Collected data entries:

══════

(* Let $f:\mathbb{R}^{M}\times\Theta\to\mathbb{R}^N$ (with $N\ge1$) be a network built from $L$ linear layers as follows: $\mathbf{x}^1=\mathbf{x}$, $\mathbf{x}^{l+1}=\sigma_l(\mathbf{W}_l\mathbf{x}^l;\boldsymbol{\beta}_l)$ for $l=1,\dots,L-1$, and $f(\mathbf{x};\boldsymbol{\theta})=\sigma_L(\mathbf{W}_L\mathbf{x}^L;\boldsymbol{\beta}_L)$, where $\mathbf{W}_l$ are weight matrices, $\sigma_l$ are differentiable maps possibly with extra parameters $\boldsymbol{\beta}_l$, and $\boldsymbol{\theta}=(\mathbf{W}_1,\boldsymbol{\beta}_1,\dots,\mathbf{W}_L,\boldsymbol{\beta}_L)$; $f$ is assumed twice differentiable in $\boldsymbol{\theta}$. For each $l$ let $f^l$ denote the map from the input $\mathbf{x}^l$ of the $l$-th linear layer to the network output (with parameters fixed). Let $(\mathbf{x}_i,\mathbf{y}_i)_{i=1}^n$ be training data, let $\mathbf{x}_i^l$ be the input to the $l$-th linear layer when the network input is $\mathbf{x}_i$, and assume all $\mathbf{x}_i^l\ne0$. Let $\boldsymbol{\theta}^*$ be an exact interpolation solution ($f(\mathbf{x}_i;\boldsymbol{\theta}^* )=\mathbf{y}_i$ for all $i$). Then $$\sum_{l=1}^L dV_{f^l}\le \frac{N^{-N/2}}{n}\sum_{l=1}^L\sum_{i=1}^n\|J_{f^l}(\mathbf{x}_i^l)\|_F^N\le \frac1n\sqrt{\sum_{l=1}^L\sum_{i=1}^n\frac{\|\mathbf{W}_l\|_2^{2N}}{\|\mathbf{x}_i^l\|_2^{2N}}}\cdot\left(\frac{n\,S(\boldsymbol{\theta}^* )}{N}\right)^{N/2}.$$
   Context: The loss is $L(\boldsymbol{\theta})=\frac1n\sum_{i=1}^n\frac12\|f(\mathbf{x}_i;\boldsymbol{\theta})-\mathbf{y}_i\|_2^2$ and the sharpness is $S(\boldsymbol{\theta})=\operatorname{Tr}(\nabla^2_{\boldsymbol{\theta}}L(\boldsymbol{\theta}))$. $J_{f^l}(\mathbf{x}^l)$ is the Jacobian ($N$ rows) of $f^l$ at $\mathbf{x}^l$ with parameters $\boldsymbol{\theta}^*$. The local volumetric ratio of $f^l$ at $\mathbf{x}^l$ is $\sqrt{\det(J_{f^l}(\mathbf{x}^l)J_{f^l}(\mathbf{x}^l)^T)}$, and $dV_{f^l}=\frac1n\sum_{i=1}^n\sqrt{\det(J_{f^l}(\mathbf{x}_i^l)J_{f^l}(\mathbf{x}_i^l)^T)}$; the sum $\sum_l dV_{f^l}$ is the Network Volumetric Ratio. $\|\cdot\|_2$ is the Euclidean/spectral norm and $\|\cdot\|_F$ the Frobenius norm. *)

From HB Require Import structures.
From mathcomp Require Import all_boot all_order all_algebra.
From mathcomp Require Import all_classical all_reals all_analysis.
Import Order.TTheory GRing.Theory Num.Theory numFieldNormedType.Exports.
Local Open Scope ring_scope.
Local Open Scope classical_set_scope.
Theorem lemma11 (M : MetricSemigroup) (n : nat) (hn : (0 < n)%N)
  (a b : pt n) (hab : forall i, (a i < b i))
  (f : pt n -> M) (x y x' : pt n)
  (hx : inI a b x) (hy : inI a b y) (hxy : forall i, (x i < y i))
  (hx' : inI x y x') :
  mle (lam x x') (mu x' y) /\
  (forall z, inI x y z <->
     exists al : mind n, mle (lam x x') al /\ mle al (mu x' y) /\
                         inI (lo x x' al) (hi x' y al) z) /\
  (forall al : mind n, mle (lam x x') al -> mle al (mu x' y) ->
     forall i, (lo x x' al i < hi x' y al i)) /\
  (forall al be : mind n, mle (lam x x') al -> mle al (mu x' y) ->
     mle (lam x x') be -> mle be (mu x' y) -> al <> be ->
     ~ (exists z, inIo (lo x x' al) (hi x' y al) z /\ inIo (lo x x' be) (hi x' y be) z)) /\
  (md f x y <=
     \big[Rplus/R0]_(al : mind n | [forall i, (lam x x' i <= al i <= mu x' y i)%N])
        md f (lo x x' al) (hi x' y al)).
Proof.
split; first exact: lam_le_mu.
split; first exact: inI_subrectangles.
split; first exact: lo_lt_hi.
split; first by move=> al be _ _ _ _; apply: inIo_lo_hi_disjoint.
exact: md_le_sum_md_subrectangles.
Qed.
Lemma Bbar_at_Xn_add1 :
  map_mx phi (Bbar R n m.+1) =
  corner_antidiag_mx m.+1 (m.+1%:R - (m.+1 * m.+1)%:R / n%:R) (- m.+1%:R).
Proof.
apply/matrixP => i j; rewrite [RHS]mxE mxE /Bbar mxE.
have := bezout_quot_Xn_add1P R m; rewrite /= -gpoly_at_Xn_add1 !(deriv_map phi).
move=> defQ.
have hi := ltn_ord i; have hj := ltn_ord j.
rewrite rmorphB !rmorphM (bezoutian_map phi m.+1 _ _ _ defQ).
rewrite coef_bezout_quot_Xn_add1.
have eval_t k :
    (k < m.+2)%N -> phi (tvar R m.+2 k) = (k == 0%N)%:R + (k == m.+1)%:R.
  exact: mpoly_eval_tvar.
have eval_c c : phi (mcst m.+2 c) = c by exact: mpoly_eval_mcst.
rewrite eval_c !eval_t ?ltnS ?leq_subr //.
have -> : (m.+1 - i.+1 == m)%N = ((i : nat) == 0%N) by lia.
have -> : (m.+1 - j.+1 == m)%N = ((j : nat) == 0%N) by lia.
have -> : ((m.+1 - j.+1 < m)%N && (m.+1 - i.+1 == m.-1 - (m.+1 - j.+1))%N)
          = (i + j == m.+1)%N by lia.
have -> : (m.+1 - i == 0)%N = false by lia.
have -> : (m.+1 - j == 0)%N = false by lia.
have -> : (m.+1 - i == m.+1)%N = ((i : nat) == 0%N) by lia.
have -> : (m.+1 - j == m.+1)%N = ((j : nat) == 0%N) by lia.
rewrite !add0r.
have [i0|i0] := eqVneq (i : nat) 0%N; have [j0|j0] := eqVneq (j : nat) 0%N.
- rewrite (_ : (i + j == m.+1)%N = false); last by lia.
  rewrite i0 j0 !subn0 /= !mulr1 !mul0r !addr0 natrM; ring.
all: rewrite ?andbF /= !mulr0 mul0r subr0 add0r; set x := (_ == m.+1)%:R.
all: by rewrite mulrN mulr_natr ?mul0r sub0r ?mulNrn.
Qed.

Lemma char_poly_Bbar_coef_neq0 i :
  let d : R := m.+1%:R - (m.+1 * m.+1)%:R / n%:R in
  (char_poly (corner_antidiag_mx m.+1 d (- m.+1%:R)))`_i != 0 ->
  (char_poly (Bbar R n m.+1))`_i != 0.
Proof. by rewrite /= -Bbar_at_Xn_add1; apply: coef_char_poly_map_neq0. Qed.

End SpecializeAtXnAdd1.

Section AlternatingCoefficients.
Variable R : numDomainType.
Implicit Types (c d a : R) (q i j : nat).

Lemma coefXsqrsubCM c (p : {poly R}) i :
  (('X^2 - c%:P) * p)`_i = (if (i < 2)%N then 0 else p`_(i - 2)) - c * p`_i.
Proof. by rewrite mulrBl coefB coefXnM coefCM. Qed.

══════

Exercise objective: Only the lines above starting with the one with "(a b : pt n) (hab : forall i, (a i < b i))" and going through the one with "mu x' y i)%N])" are to be copied, word for word and with both ends kept.

Result for this task:
  (a b : pt n) (hab : forall i, (a i < b i))
  (f : pt n -> M) (x y x' : pt n)
  (hx : inI a b x) (hy : inI a b y) (hxy : forall i, (x i < y i))
  (hx' : inI x y x') :
  mle (lam x x') (mu x' y) /\
  (forall z, inI x y z <->
     exists al : mind n, mle (lam x x') al /\ mle al (mu x' y) /\
                         inI (lo x x' al) (hi x' y al) z) /\
  (forall al : mind n, mle (lam x x') al -> mle al (mu x' y) ->
     forall i, (lo x x' al i < hi x' y al i)) /\
  (forall al be : mind n, mle (lam x x') al -> mle al (mu x' y) ->
     mle (lam x x') be -> mle be (mu x' y) -> al <> be ->
     ~ (exists z, inIo (lo x x' al) (hi x' y al) z /\ inIo (lo x x' be) (hi x' y be) z)) /\
  (md f x y <=
     \big[Rplus/R0]_(al : mind n | [forall i, (lam x x' i <= al i <= mu x' y i)%N])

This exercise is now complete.